> _Aim of the task_: For every line in the records below that contains the word "rankN", add one to a count, and report only that count.
- - - - - - -
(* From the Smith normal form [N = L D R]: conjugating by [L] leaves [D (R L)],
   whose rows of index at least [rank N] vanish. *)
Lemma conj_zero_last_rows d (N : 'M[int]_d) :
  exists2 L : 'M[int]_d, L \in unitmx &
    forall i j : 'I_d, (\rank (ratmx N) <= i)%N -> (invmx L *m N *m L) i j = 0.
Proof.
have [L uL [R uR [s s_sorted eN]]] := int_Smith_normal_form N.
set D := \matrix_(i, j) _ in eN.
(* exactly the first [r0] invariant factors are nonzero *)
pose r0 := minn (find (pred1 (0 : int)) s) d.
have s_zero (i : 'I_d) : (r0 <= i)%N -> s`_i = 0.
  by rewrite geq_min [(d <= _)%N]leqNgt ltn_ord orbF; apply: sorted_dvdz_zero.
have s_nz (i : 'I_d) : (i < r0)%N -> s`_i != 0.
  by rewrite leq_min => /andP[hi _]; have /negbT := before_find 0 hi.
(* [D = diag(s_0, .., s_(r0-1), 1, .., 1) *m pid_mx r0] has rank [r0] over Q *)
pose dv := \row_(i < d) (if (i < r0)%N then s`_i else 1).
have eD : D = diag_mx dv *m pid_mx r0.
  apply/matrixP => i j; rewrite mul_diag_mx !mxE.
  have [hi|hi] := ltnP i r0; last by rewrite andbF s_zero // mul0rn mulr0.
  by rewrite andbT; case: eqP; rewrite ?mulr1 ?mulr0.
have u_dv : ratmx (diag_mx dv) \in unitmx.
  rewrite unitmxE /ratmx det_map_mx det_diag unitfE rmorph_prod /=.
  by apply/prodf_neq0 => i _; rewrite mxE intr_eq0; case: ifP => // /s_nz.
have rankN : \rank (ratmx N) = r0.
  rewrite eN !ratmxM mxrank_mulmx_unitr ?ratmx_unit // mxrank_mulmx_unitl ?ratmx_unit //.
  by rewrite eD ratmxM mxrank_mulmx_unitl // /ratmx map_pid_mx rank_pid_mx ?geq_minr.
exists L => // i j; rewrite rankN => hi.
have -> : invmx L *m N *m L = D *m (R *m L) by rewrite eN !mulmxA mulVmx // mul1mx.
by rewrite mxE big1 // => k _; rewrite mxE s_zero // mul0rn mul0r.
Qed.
- - - - - - -
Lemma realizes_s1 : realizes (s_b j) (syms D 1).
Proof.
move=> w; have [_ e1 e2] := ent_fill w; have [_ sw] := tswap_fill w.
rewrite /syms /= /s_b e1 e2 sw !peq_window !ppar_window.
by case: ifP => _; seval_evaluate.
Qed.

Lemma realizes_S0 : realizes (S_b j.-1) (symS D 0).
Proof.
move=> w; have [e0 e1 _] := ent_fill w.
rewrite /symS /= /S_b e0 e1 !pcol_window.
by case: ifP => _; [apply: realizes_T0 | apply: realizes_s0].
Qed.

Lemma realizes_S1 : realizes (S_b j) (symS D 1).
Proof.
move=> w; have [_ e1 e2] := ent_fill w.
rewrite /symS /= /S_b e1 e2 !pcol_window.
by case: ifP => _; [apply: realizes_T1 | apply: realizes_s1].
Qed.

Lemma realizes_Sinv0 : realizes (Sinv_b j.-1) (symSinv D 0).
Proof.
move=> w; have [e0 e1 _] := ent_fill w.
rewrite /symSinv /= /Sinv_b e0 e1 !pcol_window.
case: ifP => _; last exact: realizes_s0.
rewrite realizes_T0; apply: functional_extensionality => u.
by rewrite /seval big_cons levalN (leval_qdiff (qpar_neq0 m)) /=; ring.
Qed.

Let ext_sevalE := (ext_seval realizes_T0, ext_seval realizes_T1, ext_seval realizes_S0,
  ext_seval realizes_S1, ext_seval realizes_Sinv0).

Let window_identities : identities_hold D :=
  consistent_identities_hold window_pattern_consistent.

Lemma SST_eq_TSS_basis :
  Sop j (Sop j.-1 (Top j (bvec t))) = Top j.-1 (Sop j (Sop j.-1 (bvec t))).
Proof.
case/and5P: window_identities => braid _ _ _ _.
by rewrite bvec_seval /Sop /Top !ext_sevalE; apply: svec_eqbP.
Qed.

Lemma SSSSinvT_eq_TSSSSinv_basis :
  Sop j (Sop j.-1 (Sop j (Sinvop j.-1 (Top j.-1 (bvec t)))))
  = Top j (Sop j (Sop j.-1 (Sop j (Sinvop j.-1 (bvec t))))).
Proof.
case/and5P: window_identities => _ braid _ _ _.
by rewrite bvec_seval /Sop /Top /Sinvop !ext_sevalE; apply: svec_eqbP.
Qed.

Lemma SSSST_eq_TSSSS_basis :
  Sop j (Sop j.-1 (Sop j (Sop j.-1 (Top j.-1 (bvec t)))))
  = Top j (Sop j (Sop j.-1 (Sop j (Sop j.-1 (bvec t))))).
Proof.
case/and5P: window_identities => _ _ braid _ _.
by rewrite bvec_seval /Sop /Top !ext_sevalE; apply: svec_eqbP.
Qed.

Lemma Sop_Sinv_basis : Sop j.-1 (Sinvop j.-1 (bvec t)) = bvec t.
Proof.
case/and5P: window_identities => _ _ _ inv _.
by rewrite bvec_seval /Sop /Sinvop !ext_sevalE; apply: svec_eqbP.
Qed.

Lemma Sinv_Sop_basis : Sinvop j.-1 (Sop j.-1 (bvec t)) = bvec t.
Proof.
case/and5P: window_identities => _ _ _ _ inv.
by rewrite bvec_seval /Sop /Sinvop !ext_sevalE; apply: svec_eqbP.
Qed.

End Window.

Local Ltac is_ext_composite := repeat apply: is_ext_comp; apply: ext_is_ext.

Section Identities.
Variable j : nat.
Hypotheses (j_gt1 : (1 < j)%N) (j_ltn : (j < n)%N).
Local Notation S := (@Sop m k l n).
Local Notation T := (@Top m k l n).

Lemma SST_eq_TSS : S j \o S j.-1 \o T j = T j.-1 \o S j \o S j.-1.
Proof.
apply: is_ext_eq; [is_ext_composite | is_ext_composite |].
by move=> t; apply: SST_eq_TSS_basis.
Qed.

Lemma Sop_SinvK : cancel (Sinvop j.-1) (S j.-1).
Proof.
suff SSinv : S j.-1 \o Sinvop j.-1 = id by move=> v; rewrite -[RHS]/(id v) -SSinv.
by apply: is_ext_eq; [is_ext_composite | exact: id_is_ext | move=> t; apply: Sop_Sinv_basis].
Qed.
- - - - - - -
> _Exercise answer_: 2